(* Kleene computations {e}(S, a, f) = b relative to S (schemes S1-S9),  *)
(* with the ordinal rank of the computation tree:                       *)
(* CompR e a f b r  <->  <e,a,f,b> \in Omega_S and its computation tree *)
(* has rank r  (rank of a node = sup over children c of (rank c + 1)).  *)
Inductive CompR : nat -> seq nat -> seq fn -> nat -> Ord -> Prop :=
| S1 x a f : CompR (code [:: 1; (size a).+1; size f]) (x :: a) f x.+1 OZ
| S2 q a f : CompR (code [:: 2; size a; size f; q]) a f q OZ
| S3 x a f : CompR (code [:: 3; (size a).+1; size f]) (x :: a) f x OZ
| S4 e1 e2 a f c b r1 r2 :
    CompR e2 a f c r2 -> CompR e1 (c :: a) f b r1 ->
    CompR (code [:: 4; size a; size f; e1; e2]) a f b (osup2 (OS r1) (OS r2))
| S5z e1 e2 a f b r1 :
    CompR e1 a f b r1 ->
    CompR (code [:: 5; (size a).+1; size f; e1; e2]) (0 :: a) f b (OS r1)
| S5s e1 e2 m a f c b r1 r2 :
    CompR (code [:: 5; (size a).+1; size f; e1; e2]) (m :: a) f c r1 ->
    CompR e2 (c :: m :: a) f b r2 ->
    CompR (code [:: 5; (size a).+1; size f; e1; e2]) (m.+1 :: a) f b
          (osup2 (OS r1) (OS r2))
| S6i e1 i j a f b r :
    i < size a -> j < size a ->
    CompR e1 (swap_seq 0 a i j) f b r ->
    CompR (code [:: 6; size a; size f; e1; i; j; 0]) a f b (OS r)
| S6f e1 i j a f b r :
    i < size f -> j < size f ->
    CompR e1 a (swap_seq (fun _ => 0) f i j) b r ->
    CompR (code [:: 6; size a; size f; e1; i; j; 1]) a f b (OS r)
| S7 x a g f : CompR (code [:: 7; (size a).+1; (size f).+1]) (x :: a) (g :: f) (g x) OZ
| S8 e1 a f (g : fn) (h : nat -> Ord) b :
    (forall x, CompR e1 (x :: a) f (g x) (h x)) -> S_val g b ->
    CompR (code [:: 8; size a; size f; e1]) a f b (OL (fun x => OS (h x)))
| S9 d a f b r :
    CompR d a f b r ->
    CompR (code [:: 9; (size a).+1; size f]) (d :: a) f b (OS r).

Definition rank_lt (e : nat) (a : seq nat) (f : seq fn) (b : nat) (alpha : Ord) : Prop :=
  exists r, CompR e a f b r /\ olt r alpha.

Definition pt (k : nat) := 'I_k -> nat -> nat.

Definition open_set (k : nat) (U : pt k -> Prop) : Prop :=
  forall x, U x -> exists m, forall y : pt k,
      (forall (i : 'I_k) n, n < m -> y i n = x i n) -> U y.

Definition clopen (k : nat) (U : pt k -> Prop) : Prop :=
  open_set U /\ open_set (fun x => ~ U x).

Definition suslinA (k : nat) (P : seq nat -> pt k -> Prop) (x : pt k) : Prop :=
  exists f : nat -> nat, forall n, P (mkseq f n) x.

Inductive Sigma (k : nat) : Ord -> (pt k -> Prop) -> Prop :=
| Sigma0 b A : ole b OZ -> clopen A -> Sigma b A
| SigmaA b A (P : seq nat -> pt k -> Prop) :
    olt OZ b ->
    (forall x, A x <-> suslinA P x) ->
    (forall s, exists g, olt g b /\
        exists B, Sigma g B /\ forall x, P s x <-> ~ B x) ->
    Sigma b A.

Definition Pi (k : nat) (b : Ord) (A : pt k -> Prop) : Prop :=
  exists B, Sigma b B /\ forall x, A x <-> ~ B x.

Definition Suslin (k : nat) (A : pt k -> Prop) : Prop := exists b, Sigma b A.

(* The proof is by induction on alpha, for all indices, integer arguments,
   values, and all lists of coordinates of the point at once (the scheme S6
   permutes function arguments).  A computation of
   rank below alpha + 1 is one application of a scheme S1-S9 to
   computations of rank below alpha ([rank_below_OS]); each scheme turns
   Suslin conditions into Suslin conditions ([uniform_step]), S7 reading one
   coordinate value and S8 using that the Suslin functional is decided by a
   Suslin operation on the (single-valued) subcomputations.  Limit ranks give
   countable unions. *)

From mathcomp Require Import all_boot.
From Stdlib Require Import Classical ClassicalEpsilon.
Set Implicit Arguments. Unset Strict Implicit. Unset Printing Implicit Defensive.

(** * Ordinal bookkeeping *)

Lemma ole_OL f n a : ole a (f n) -> ole a (OL f).
Proof.
elim: a => [|a _|g IH] H; first exact: oleZ.
- by inversion H; subst; apply/oleS/(@oltL _ _ n).
- inversion H; subst; apply: oleL => m; exact: IH.
Qed.

Lemma ole_refl a : ole a a.
Proof.
elim: a => [|a IH|f IH]; first exact: oleZ.
- exact/oleS/oltS.
- by apply: oleL => n; apply: (@ole_OL _ n).
Qed.

Lemma ole_OSP r b : ole (OS r) b <-> olt r b.
Proof. by split=> [H|]; [inversion H | exact: oleS]. Qed.

Lemma ole_OLP f b : ole (OL f) b <-> forall n, ole (f n) b.
Proof. by split=> [H|]; [inversion H | exact: oleL]. Qed.

Lemma ole_sup2P r1 r2 b : ole (osup2 (OS r1) (OS r2)) b <-> olt r1 b /\ olt r2 b.
Proof.
rewrite ole_OLP; split=> [H|[H1 H2] [|n]]; [|by apply/ole_OSP..].
by split; apply/ole_OSP; [exact: (H 0) | exact: (H 1)].
Qed.

(** * Closure properties of Suslin sets *)

Definition coSuslin k (A : pt k -> Prop) : Prop :=
  exists B, Suslin B /\ forall x, A x <-> ~ B x.

(* The Suslin operation applied to complements of Suslin sets yields a Suslin
   set: the countably many ranks involved are bounded by their supremum. *)
Lemma Suslin_of_scheme k (A : pt k -> Prop) (P : seq nat -> pt k -> Prop) :
  (forall s, coSuslin (P s)) -> (forall x, A x <-> suslinA P x) -> Suslin A.
Proof.
move=> HP HA.
have /choice [G HG] : forall s, exists g, exists B,
    Sigma g B /\ forall x, P s x <-> ~ B x.
  by move=> s; have [B [[g Hg] HB]] := HP s; exists g, B.
pose M := OL (fun n => if (unpickle n : option (seq nat)) is Some s then G s else OZ).
exists (OS M); apply: (SigmaA _ HA); first exact/oltS/oleZ.
move=> s; exists (G s); split; last exact: HG.
by apply/oltS/(@ole_OL _ (pickle s)); rewrite pickleK; exact: ole_refl.
Qed.

Lemma suslinA_const k (B : pt k -> Prop) x : suslinA (fun _ => B) x <-> B x.
Proof. by split=> [[f /(_ 0)] | Bx] //; exists (fun _ => 0). Qed.

(* Every Suslin set arises from a scheme of complements of Suslin sets; a
   clopen set is the Suslin operation applied to its own constant scheme. *)
Lemma scheme_of_Suslin k (A : pt k -> Prop) : Suslin A ->
  exists P, (forall s, coSuslin (P s)) /\ forall x, A x <-> suslinA P x.
Proof.
case=> _ [b {}A _ [openA openCA] | b {}A P _ HA HP].
- exists (fun _ => A); split=> [s|x]; last by rewrite suslinA_const.
  exists (fun x => ~ A x); split=> [|x]; last by split=> [Ax /(_ Ax)|/NNPP].
  exists OZ; apply: Sigma0; first exact: oleZ.
  split=> // x /NNPP Ax; have [m Hm] := openA x Ax.
  by exists m => y /Hm Ay /(_ Ay).
- exists P; split=> // s; have [g [_ [B [HB HPB]]]] := HP s.
  by exists B; split=> //; exists g.
Qed.

Lemma Suslin_ext k (A A' : pt k -> Prop) :
  (forall x, A x <-> A' x) -> Suslin A -> Suslin A'.
Proof.
move=> HAA /scheme_of_Suslin [P [HP HA]]; apply: (Suslin_of_scheme HP) => x.
by rewrite -HA -HAA.
Qed.

(* A set that is either empty or everything is clopen, hence Suslin. *)
Lemma Suslin_invariant k (C : pt k -> Prop) : (forall x y, C x -> C y) -> Suslin C.
Proof.
move=> HC; exists OZ; apply: Sigma0; first exact: oleZ.
by split=> x Cx; exists 0 => y _; [exact: HC Cx | move=> Cy; exact/Cx/(HC y)].
Qed.

(* Complements: the Suslin operation on the constant scheme [~ A]. *)
Lemma Suslin_not k (A : pt k -> Prop) : Suslin A -> Suslin (fun x => ~ A x).
Proof.
move=> SA; apply: (@Suslin_of_scheme _ _ (fun _ x => ~ A x)) => [s|x].
- by exists A; split.
- by rewrite suslinA_const.
Qed.

Lemma coSuslin_of_Suslin k (A : pt k -> Prop) : Suslin A -> coSuslin A.
Proof.
move=> SA; exists (fun x => ~ A x); split; first exact: Suslin_not.
by move=> x; split=> [Ax /(_ Ax)|/NNPP].
Qed.

Lemma Suslin_suslinA k (P : seq nat -> pt k -> Prop) :
  (forall s, Suslin (P s)) -> Suslin (suslinA P).
Proof. by move=> SP; apply: (@Suslin_of_scheme _ _ P) => // s; exact: coSuslin_of_Suslin. Qed.

Lemma mkseq_shift (f : nat -> nat) n : mkseq f n.+1 = f 0 :: mkseq (fun i => f i.+1) n.
Proof. by rewrite /mkseq /= -[1]/(1 + 0) iotaDl -map_comp. Qed.

(* Countable unions: prefix the branch index to the schemes of the pieces. *)
Lemma Suslin_ex_nat k (A : nat -> pt k -> Prop) :
  (forall n, Suslin (A n)) -> Suslin (fun x => exists n, A n x).
Proof.
move=> SA; have /choice [P HP] := fun n => scheme_of_Suslin (SA n).
pose Q s := if s is n :: s' then P n s' else (fun _ : pt k => True).
apply: (@Suslin_of_scheme _ _ Q) => [[|n s]|x].
- by rewrite /Q; exists (fun _ => False); split=> [|x]; [apply: Suslin_invariant | tauto].
- exact: (HP n).1.
split=> [[n /(HP n).2 [f Hf]] | [f Hf]].
- by exists (fun i => if i is i'.+1 then f i' else n) => -[|m] //; rewrite mkseq_shift.
- exists (f 0); apply/(HP (f 0)).2; exists (fun i => f i.+1) => m.
  by have := Hf m.+1; rewrite mkseq_shift.
Qed.

(* Countable intersections, by De Morgan. *)
Lemma Suslin_all_nat k (A : nat -> pt k -> Prop) :
  (forall n, Suslin (A n)) -> Suslin (fun x => forall n, A n x).
Proof.
move=> SA; apply: (@Suslin_ext _ (fun x => ~ exists n, ~ A n x)).
  by move=> x; split=> [H n | H [n]]; [apply: NNPP => nA; apply: H; exists n | apply].
by apply/Suslin_not/Suslin_ex_nat => n; exact/Suslin_not.
Qed.

Lemma Suslin_or k (A B : pt k -> Prop) :
  Suslin A -> Suslin B -> Suslin (fun x => A x \/ B x).
Proof.
move=> SA SB; apply: (@Suslin_ext _ (fun x => exists n, if n is 0 then A x else B x)).
  by move=> x; split=> [[[|n] H] | [H|H]]; [left | right | exists 0 | exists 1].
by apply: Suslin_ex_nat => -[|n].
Qed.

Lemma Suslin_and k (A B : pt k -> Prop) :
  Suslin A -> Suslin B -> Suslin (fun x => A x /\ B x).
Proof.
move=> SA SB; apply: (@Suslin_ext _ (fun x => forall n, if n is 0 then A x else B x)).
  by move=> x; split=> [H | [H1 H2] [|n]] //; split; [exact: (H 0) | exact: (H 1)].
by apply: Suslin_all_nat => -[|n].
Qed.

Lemma Suslin_ex_count k (T : countType) (A : T -> pt k -> Prop) :
  (forall t, Suslin (A t)) -> Suslin (fun x => exists t, A t x).
Proof.
move=> SA; apply: (@Suslin_ext _
    (fun x => exists n, if (unpickle n : option T) is Some t then A t x else False)).
  move=> x; split=> [[n] | [t At]]; last by exists (pickle t); rewrite pickleK.
  by case: (unpickle n) => // t At; exists t.
by apply: Suslin_ex_nat => n; case: (unpickle n) => [t|]; [exact: SA | apply: Suslin_invariant].
Qed.

Lemma Suslin_coord k (i : 'I_k) x b : Suslin (fun fs : pt k => fs i x = b).
Proof.
exists OZ; apply: Sigma0; first exact: oleZ.
by split=> fs H; exists x.+1 => y Hy; rewrite Hy.
Qed.

(** * Single-valuedness of computations *)

(* The coding of finite sequences is injective, so distinct schemes have
   distinct indices. *)
Lemma pairn_inj x y x' y' : pairn x y = pairn x' y' -> x = x' /\ y = y'.
Proof.
rewrite /pairn; elim: x x' => [|x IH] [|x'] /=; rewrite ?expn0 ?mul1n ?expnS -?mulnA.
- by case=> /eqP; rewrite eqn_pmul2l // => /eqP ->.
- by move/(congr1 odd); rewrite /= !oddM.
- by move/(congr1 odd); rewrite /= !oddM.
- by move/eqP; rewrite eqn_pmul2l // => /eqP /IH [-> ->].
Qed.

Lemma code_inj : injective code.
Proof.
have pairn_gt0 x y : 0 < pairn x y by rewrite /pairn muln_gt0 expn_gt0.
elim=> [|x s IH] [|y t] //= => [E|E|/pairn_inj [-> /IH ->] //].
- by have := pairn_gt0 y (code t); rewrite -E.
- by have := pairn_gt0 x (code s); rewrite E.
Qed.

Lemma S_val_unique g g' b b' : g =1 g' -> S_val g b -> S_val g' b' -> b = b'.
Proof.
move=> Eg [[-> H0]|[-> [f Hf]]] [[-> H0']|[-> [f' Hf']]] //.
- by have [n] := H0 f'; have := Hf' n; rewrite -Eg => /[swap] ->.
- by have [n] := H0' f; have := Hf n; rewrite Eg => /[swap] ->.
Qed.

(* S(g) = b for a total selection g of a single-valued relation G, expressed
   through G alone: G is total, and b records whether some path h avoids the
   zeros of G on the codes of its initial segments. *)
Lemma S_val_graph (G : nat -> nat -> Prop) b :
  (forall x y y', G x y -> G x y' -> y = y') ->
  (exists g, (forall x, G x (g x)) /\ S_val g b) <->
  (forall x, exists y, G x y) /\
  ((b = 0 /\ ~ exists h, forall n, ~ G (fbar h n) 0) \/
   (b = 1 /\ exists h, forall n, ~ G (fbar h n) 0)).
Proof.
move=> G_single; split.
- case=> g [Gg HS]; split=> [x|]; first by exists (g x).
  case: HS => [[-> H0]|[-> [h Hh]]]; [left | right]; split=> //.
  + case=> h Hh; have [n Hn] := H0 h.
    by apply: (Hh n); rewrite -Hn.
  + exists h => n /(G_single _ _ _ (Gg _)) E.
    by have := Hh n; rewrite E.
- case=> /choice [g Gg] Hb; exists g; split=> //.
  case: Hb => [[-> Hn]|[-> [h Hh]]]; [left | right]; split=> //.
  + move=> h; apply: NNPP => Hno; apply: Hn; exists h => n Gh0.
    by apply: Hno; exists n; exact: G_single (Gg _) Gh0.
  + exists h => n; rewrite lt0n; apply/eqP => E.
    by apply: (Hh n); rewrite -E.
Qed.

(* The value of a computation is determined by the index and the arguments;
   the indices of distinct schemes differ since [code] is injective. *)
Lemma CompR_functional e a f b r : CompR e a f b r ->
  forall e' a' f' b' r', CompR e' a' f' b' r' -> e = e' -> a = a' -> f = f' -> b = b'.
Proof.
elim=> {e a f b r}
  [x a f | q a f | x a f
  | e1 e2 a f c b r1 r2 _ IH2 _ IH1
  | e1 e2 a f b r1 _ IH1
  | e1 e2 m a f c b r1 r2 _ IH1 _ IH2
  | e1 i j a f b r _ _ _ IH1
  | e1 i j a f b r _ _ _ IH1
  | x a g f
  | e1 a f g h b _ IH1 HS
  | d a f b r _ IH1] e0 a0 f0 b0 r0;
case=>
  [x' a' f' | q' a' f' | x' a' f'
  | e1' e2' a' f' c' b' r1' r2' H2' H1'
  | e1' e2' a' f' b' r1' H1'
  | e1' e2' m' a' f' c' b' r1' r2' H1' H2'
  | e1' i' j' a' f' b' r' _ _ H1'
  | e1' i' j' a' f' b' r' _ _ H1'
  | x' a' g' f'
  | e1' a' f' g' h' b' H1' HS'
  | d' a' f' b' r' H1'] /code_inj He Ha Hf; try discriminate He;
  try (injection Ha; intros; subst; discriminate).
all: injection He; intros; subst; try (injection Ha; intros; subst);
  try (injection Hf; intros; subst); try done.
- by have Ec := IH2 _ _ _ _ _ H2' erefl erefl erefl; subst; apply: (IH1 _ _ _ _ _ H1').
- by apply: (IH1 _ _ _ _ _ H1').
- by have Ec := IH1 _ _ _ _ _ H1' erefl erefl erefl; subst; apply: (IH2 _ _ _ _ _ H2').
- by apply: (IH1 _ _ _ _ _ H1').
- by apply: (IH1 _ _ _ _ _ H1').
- by apply: S_val_unique HS HS' => x; apply: (IH1 x _ _ _ _ _ (H1' x)).
- by apply: (IH1 _ _ _ _ _ H1').
Qed.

- _Goal of the exercise_
Return exactly the opening lines of the listing above, ending with the line that has "nat -> Ord)".

- _Exercise solution_
(* Kleene computations {e}(S, a, f) = b relative to S (schemes S1-S9),  *)
(* with the ordinal rank of the computation tree:                       *)
(* CompR e a f b r  <->  <e,a,f,b> \in Omega_S and its computation tree *)
(* has rank r  (rank of a node = sup over children c of (rank c + 1)).  *)
Inductive CompR : nat -> seq nat -> seq fn -> nat -> Ord -> Prop :=
| S1 x a f : CompR (code [:: 1; (size a).+1; size f]) (x :: a) f x.+1 OZ
| S2 q a f : CompR (code [:: 2; size a; size f; q]) a f q OZ
| S3 x a f : CompR (code [:: 3; (size a).+1; size f]) (x :: a) f x OZ
| S4 e1 e2 a f c b r1 r2 :
    CompR e2 a f c r2 -> CompR e1 (c :: a) f b r1 ->
    CompR (code [:: 4; size a; size f; e1; e2]) a f b (osup2 (OS r1) (OS r2))
| S5z e1 e2 a f b r1 :
    CompR e1 a f b r1 ->
    CompR (code [:: 5; (size a).+1; size f; e1; e2]) (0 :: a) f b (OS r1)
| S5s e1 e2 m a f c b r1 r2 :
    CompR (code [:: 5; (size a).+1; size f; e1; e2]) (m :: a) f c r1 ->
    CompR e2 (c :: m :: a) f b r2 ->
    CompR (code [:: 5; (size a).+1; size f; e1; e2]) (m.+1 :: a) f b
          (osup2 (OS r1) (OS r2))
| S6i e1 i j a f b r :
    i < size a -> j < size a ->
    CompR e1 (swap_seq 0 a i j) f b r ->
    CompR (code [:: 6; size a; size f; e1; i; j; 0]) a f b (OS r)
| S6f e1 i j a f b r :
    i < size f -> j < size f ->
    CompR e1 a (swap_seq (fun _ => 0) f i j) b r ->
    CompR (code [:: 6; size a; size f; e1; i; j; 1]) a f b (OS r)
| S7 x a g f : CompR (code [:: 7; (size a).+1; (size f).+1]) (x :: a) (g :: f) (g x) OZ
| S8 e1 a f (g : fn) (h : nat -> Ord) b :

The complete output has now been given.